# Convert Internal Blu-ray into External USB player



## suiathon

I salvaged some parts from an old laptop, including an internal Blu-ray DVD burner/player.  Since my new laptop does not have an optical drive, I would like to convert this into a USB plug in for the occasion movie or disc burning.  Can you recommend an enclosure that is proven to work and is preferably USB 3.0 or USB C. 

Here are the specs on the drive and old laptop:

Acer Aspire 5745

BD-ROM / DVD REWRITER
Model: CT21N
Mfg Date: 2010/03/01
H/W: A
MECHA: A
Rom Ver: 1.00


----------



## voyagerfan99

Why do people always try to do this? It's not worth the time. You can buy a USB bluray burner easier and faster.


----------



## The VCR King

voyagerfan99 said:


> Why do people always try to do this? It's not worth the time. You can buy a USB bluray burner easier and faster.

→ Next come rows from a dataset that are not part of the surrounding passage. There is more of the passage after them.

(* Let $P_0,P_1$ be the bivectors on the region of $\mathbb{R}^{2n}$ (coordinates $(q,p)$, $q_i$ pairwise distinct) $$P_0=\sum_{i,j=1}^np_ie^{-|q_i-q_j|}\partial_{p_i}\wedge\partial_{q_j}-\sum_{i<j}\mathrm{sign}(q_i-q_j)p_ip_je^{-|q_i-q_j|}\partial_{p_i}\wedge\partial_{p_j}+\sum_{i<j}\mathrm{sign}(q_i-q_j)(e^{-|q_i-q_j|}-1)\partial_{q_i}\wedge\partial_{q_j},\quad P_1=\sum_{i=1}^n\partial_{p_i}\wedge\partial_{q_i},$$ viewed as maps from 1-forms to vector fields, and let $S=P_1^{-1}\circ P_0$ be the recursion operator on 1-forms. Let $H_0=\sum_ip_i$, $H_1=\frac12\sum_{i,j}p_ip_je^{-|q_i-q_j|}$, and define $H_{i+1}$ for $i\ge1$ by $dH_{i+1}=S^i(dH_1)$. Then each $H_i$ is a polynomial function of $p$ of degree $i+1$.
   Context: For a bivector $P=\sum P^{ij}\partial_{x_i}\wedge\partial_{x_j}$, the associated map sends a 1-form $\alpha$ to $P(\alpha,\cdot)$. The pair $(P_0,P_1)$ is a bi-Hamiltonian structure with $P_0(dH_0,\cdot)=P_1(dH_1,\cdot)$, so the 1-forms $S^i(dH_1)$ are closed and the $H_i$ are first integrals (defined up to additive constants). *)

From HB Require Import structures.
From mathcomp Require Import all_boot all_order all_algebra.
From mathcomp Require Import all_classical all_reals all_analysis.
Set Implicit Arguments. Unset Strict Implicit. Unset Printing Implicit Defensive.
Import Order.TTheory GRing.Theory Num.Theory.
Local Open Scope ring_scope.
Local Open Scope classical_set_scope.

Section Peakon.
Variable R : realType.
Variable n : nat.

(* A point of R^{2n} is a column vector; the first n coordinates are q, the last n are p. *)
Definition qc (x : 'cV[R]_(n + n)) (i : 'I_n) : R := x (lshift n i) 0.
Definition pc (x : 'cV[R]_(n + n)) (i : 'I_n) : R := x (rshift n i) 0.

Definition region : set 'cV[R]_(n + n) :=
  [set x | forall i j : 'I_n, i != j -> qc x i != qc x j].

(* Coefficient matrix P^{ab} of a bivector  P = sum_{a,b} P^{ab} d_a /\ d_b
   (indices a : q-coordinates via inl, p-coordinates via inr). *)
Definition P0 (x : 'cV[R]_(n + n)) : 'M[R]_(n + n) :=
  \matrix_(a < n + n, b < n + n)
    match fintype.split a, fintype.split b with
    | inr i, inl j => pc x i * expR (- `|qc x i - qc x j|)
    | inr i, inr j => if (i < j)%N then
                        - (Num.sg (qc x i - qc x j) * pc x i * pc x j
                             * expR (- `|qc x i - qc x j|))
                      else 0
    | inl i, inl j => if (i < j)%N then
                        Num.sg (qc x i - qc x j) * (expR (- `|qc x i - qc x j|) - 1)
                      else 0
    | inl _, inr _ => 0
    end.

Definition P1 : 'M[R]_(n + n) :=
  \matrix_(a < n + n, b < n + n)
    match fintype.split a, fintype.split b with
    | inr i, inl j => if i == j then 1 else 0
    | _, _ => 0
    end.

(* Matrix of the map  alpha |-> P(alpha, .) :  P(alpha,.)_b = sum_a (P^{ab} - P^{ba}) alpha_a,
   using (d_a /\ d_b)(alpha, beta) = alpha_a beta_b - alpha_b beta_a. *)
Definition sharp (P : 'M[R]_(n + n)) : 'M[R]_(n + n) :=
  \matrix_(b < n + n, a < n + n) (P a b - P b a).

Definition recS (x : 'cV[R]_(n + n)) (al : 'cV[R]_(n + n)) : 'cV[R]_(n + n) :=
  invmx (sharp P1) *m (sharp (P0 x) *m al).

Definition H0 (x : 'cV[R]_(n + n)) : R := \sum_i pc x i.
Definition H1 (x : 'cV[R]_(n + n)) : R :=
  2^-1 * \sum_i \sum_j pc x i * pc x j * expR (- `|qc x i - qc x j|).

Definition ecoord (a : 'I_(n + n)) : 'cV[R]_(n + n) := delta_mx a 0.

Definition dform (H : 'cV[R]_(n + n) -> R) (x : 'cV[R]_(n + n)) : 'cV[R]_(n + n) :=
  \col_a derive1 (fun t : R => H (x + t *: ecoord a)) 0.

Definition is_Ham (i : nat) (H : 'cV[R]_(n + n) -> R) : Prop :=
  match i with
  | 0 => H = H0
  | 1 => H = H1
  | k.+2 => forall x, region x -> forall a : 'I_(n + n),
      is_derive (0 : R) (1 : R) (fun t : R => H (x + t *: ecoord a))
                ((iter k.+1 (recS x) (dform H1 x)) a 0)
  end.

Definition poly_in_p_deg (d : nat) (H : 'cV[R]_(n + n) -> R) : Prop :=
  exists c : {ffun 'I_n -> 'I_d.+1} -> ('I_n -> R) -> R,
    (forall x, region x ->
       H x = \sum_(al : {ffun 'I_n -> 'I_d.+1} | (\sum_i (al i : nat) <= d)%N)
               c al (qc x) * \prod_i pc x i ^+ al i)
    /\ exists al : {ffun 'I_n -> 'I_d.+1},
         (\sum_i (al i : nat))%N = d /\ exists x, region x /\ c al (qc x) != 0.

End Peakon.

(* Inverting P1 swaps the q- and p-components of a 1-form (up to sign), and
   the entries of P0 have p-degree 2, 1 and 0 on (p,p), (p,q) and (q,q) index
   pairs.  Hence, by induction on k, the q-components of S^k(dH1) are
   polynomials in p of degree k + 2 and its p-components have degree k + 1,
   with coefficients depending on q.  Integrating the p-components one
   coordinate at a time shows that H_(k+2) is a polynomial in p of degree at
   most k + 3.  On the axis p = s e_a the q-components of S^k(dH1) vanish and
   its p_a-component is s^(k+1), so H_i(q, s e_a) = c(q) + s^(i+1)/(i+1): the
   coefficient of p_a^(i+1) is not zero and the degree is exact. *)

From HB Require Import structures.
From mathcomp Require Import all_boot all_order all_algebra.
From mathcomp Require Import all_classical all_reals all_analysis.
From mathcomp Require Import zify ring.
Import Order.TTheory GRing.Theory Num.Theory.
Set Implicit Arguments. Unset Strict Implicit. Unset Printing Implicit Defensive.
Local Open Scope ring_scope.

Section RealDerivatives.
Variable R : realType.

Lemma is_derive_ext (f g : R -> R) (x df : R) :
  is_derive x 1 f df -> f =1 g -> is_derive x 1 g df.
Proof. by move=> h /funext <-. Qed.

Lemma is_derive_translate (f : R -> R) (x df : R) :
  is_derive (0 : R) 1 (fun t => f (x + t)) df -> is_derive x 1 f df.
Proof.
move=> h; have h' : is_derive (shift (- x) x) 1 (fun t => f (x + t)) df.
  by rewrite /= addrN.
have := is_derive1_comp h' (is_derive_shift x 1 (- x)); rewrite mulr1 => hc.
by apply: is_derive_ext hc _ => y /=; rewrite addrC subrK.
Qed.

Lemma is_derive_sum_seq (T : Type) (s : seq T) (f : T -> R -> R) (df : T -> R) (x : R) :
  (forall t, is_derive x 1 (f t) (df t)) ->
  is_derive x 1 (fun y => \sum_(t <- s) f t y) (\sum_(t <- s) df t).
Proof.
move=> h; elim: s => [|t s IH].
  by rewrite big_nil; apply: is_derive_ext (is_derive_cst 0 x 1) _ => y; rewrite big_nil.
by rewrite big_cons; apply: is_derive_ext (is_deriveD (h t) IH) _ => y; rewrite big_cons.
Qed.

Lemma is_derive_eq_sub_cst (f g dh : R -> R) :
  (forall x : R, is_derive x 1 f (dh x)) -> (forall x : R, is_derive x 1 g (dh x)) ->
  forall x y, f x - g x = f y - g y.
Proof.
move=> hf hg x y; apply: (is_derive_0_is_cst (f := f - g)) => z.
exact: is_derive_eq (is_deriveB (hf z) (hg z)) (subrr _).
Qed.

Lemma is_derive_affine (a b x : R) : is_derive x 1 (fun t => a + t * b) b.
Proof.
have := is_deriveD (is_derive_cst a x 1) (is_deriveZ b (is_derive_id x 1)).
by rewrite add0r /GRing.scale /= mulr1 => h; apply: is_derive_ext h _ => t /=; rewrite mulrC.
Qed.

Lemma derivable_norm_affine (a b : R) : a != 0 -> derivable (fun t : R => `|a + t * b|) 0 1.
Proof.
move=> a0; have [da _] := is_derive_affine a b 0.
have [dNa _] := is_deriveN (is_derive_affine a b 0).
have -> : (fun t : R => `|a + t * b|) = (fun t => a + t * b) \max (fun t => - (a + t * b)).
  by apply/funext => t /=; rewrite maxrN.
apply: derivable_max => //.
- by rewrite mul0r addr0 -subr_eq0 opprK -mulr2n mulrn_eq0 negb_or a0.
- exact/differentiable_continuous/derivable1_diffP.
- exact/differentiable_continuous/derivable1_diffP.
Qed.

Lemma is_derive_quadform n (u : 'I_n -> R -> R) (w : 'I_n -> 'I_n -> R -> R)
    (du : 'I_n -> R) (dw : 'I_n -> 'I_n -> R) :
  (forall i, is_derive (0 : R) 1 (u i) (du i)) ->
  (forall i j, is_derive (0 : R) 1 (w i j) (dw i j)) ->
  is_derive (0 : R) 1 (fun t => 2^-1 * \sum_i \sum_j u i t * u j t * w i j t)
    (2^-1 * \sum_i \sum_j (u i 0 * u j 0 * dw i j + w i j 0 * (u i 0 * du j + u j 0 * du i))).
Proof.
move=> hu hw.
have hij i j : is_derive (0 : R) 1 (fun t => u i t * u j t * w i j t)
    (u i 0 * u j 0 * dw i j + w i j 0 * (u i 0 * du j + u j 0 * du i)).
  apply: is_derive_eq (is_deriveM (is_deriveM (hu i) (hu j)) (hw i j)) _.
  have -> : (u i * u j) 0 = u i 0 * u j 0 by [].
  by rewrite /GRing.scale /=; ring.
have h := is_deriveZ 2^-1 (is_derive_sum (fun i => is_derive_sum (hij i))).
apply: is_derive_ext h _ => t; rewrite /GRing.scale /= fct_sumE.
by congr (_ * _); apply: eq_bigr => i _; rewrite fct_sumE.
Qed.

End RealDerivatives.

Section PolynomialsInP.
Variables (R : realType) (n : nat).
Local Notation vec := ('I_n -> R).
Local Notation term := ((vec -> R) * {ffun 'I_n -> nat})%type.

Definition distinct (q : vec) := forall i j, i != j -> q i != q j.

Definition monomial (m : {ffun 'I_n -> nat}) (p : vec) : R := \prod_i p i ^+ m i.

Definition mdeg (m : {ffun 'I_n -> nat}) : nat := (\sum_i m i)%N.

Definition ppoly (D : nat) (f : vec -> vec -> R) :=
  exists L : seq term, all (fun t => mdeg t.2 <= D)%N L /\
    forall q p, distinct q -> f q p = \sum_(t <- L) t.1 q * monomial t.2 p.

Lemma ppoly_ext D f g :
  ppoly D f -> (forall q p, distinct q -> f q p = g q p) -> ppoly D g.
Proof. by move=> [L [hL hf]] fg; exists L; split=> // q p hq; rewrite -fg // hf. Qed.

Lemma ppoly_leq D D' f : (D <= D')%N -> ppoly D f -> ppoly D' f.
Proof.
move=> le [L [hL hf]]; exists L; split=> //.
by apply: sub_all hL => t /= h; apply: leq_trans le.
Qed.

Lemma ppoly_cst D (g : vec -> R) : ppoly D (fun q _ => g q).
Proof.
exists [:: (g, [ffun=> 0%N])]; split.
  by rewrite /= andbT /mdeg big1 // => i _; rewrite ffunE.
move=> q p _; rewrite big_seq1 /monomial big1 ?mulr1 // => i _.
by rewrite ffunE expr0.
Qed.
Arguments ppoly_cst {D} g.

Lemma ppoly_coord j : ppoly 1 (fun _ p => p j).
Proof.
exists [:: (fun _ => 1, [ffun i => nat_of_bool (i == j)])]; split.
  rewrite /= andbT /mdeg (bigD1 j) //= big1 ?ffunE ?eqxx // => i /negbTE ij.
  by rewrite ffunE ij.
move=> q p _; rewrite big_seq1 mul1r /monomial (bigD1 j) //= ffunE eqxx expr1.
by rewrite big1 ?mulr1 // => i /negbTE ij; rewrite ffunE ij expr0.
Qed.

Lemma ppolyD D f g : ppoly D f -> ppoly D g -> ppoly D (fun q p => f q p + g q p).
Proof.
move=> [L1 [h1 e1]] [L2 [h2 e2]]; exists (L1 ++ L2).
by split=> [|q p hq]; rewrite ?all_cat ?h1 ?h2 // big_cat /= e1 // e2.
Qed.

Same. I tried building an external burner from an old internal drive years ago and it worked horribly. By the time you buy the things like a USB to SATA/IDE/whatever and an enclosure you'd probably be spending less on an actual external drive.


----------



## spirit

The VCR King said:


> Same. I tried building an external burner from an old internal drive years ago and it worked horribly. By the time you buy the things like a USB to SATA/IDE/whatever and an enclosure you'd probably be spending less on an actual external drive.


Exactly!

Now I did actually do this recently. I bought a 3.5" 5.25" drive bay from Amazon for £40 and it's rubbish. Feels cheap and tacky, if I use it plugged in via eSATA I can't watch films without them jumping and skipping. If I use it plugged in via USB 3.0 I can't burn any kind of discs. So that means my £70 Blu-Ray burner is useless. I only bought it because I already owned the drive and I've got an NZXT H440 case which does not have any optical drive bays, but I wish I had just bought a USB drive instead for a little bit more than the cost of this enclosure which would have done a much better job. Now I need to try and find out if my drive is at fault or if the enclosure is regarding the lack of burning capabilities now, but I'm going by the fact that the drive worked perfectly before that it's this stupid enclosure. It's the only SATA one I could find so it was expensive and crap, but I guess you know optical technology is dead when this is now the case.


----------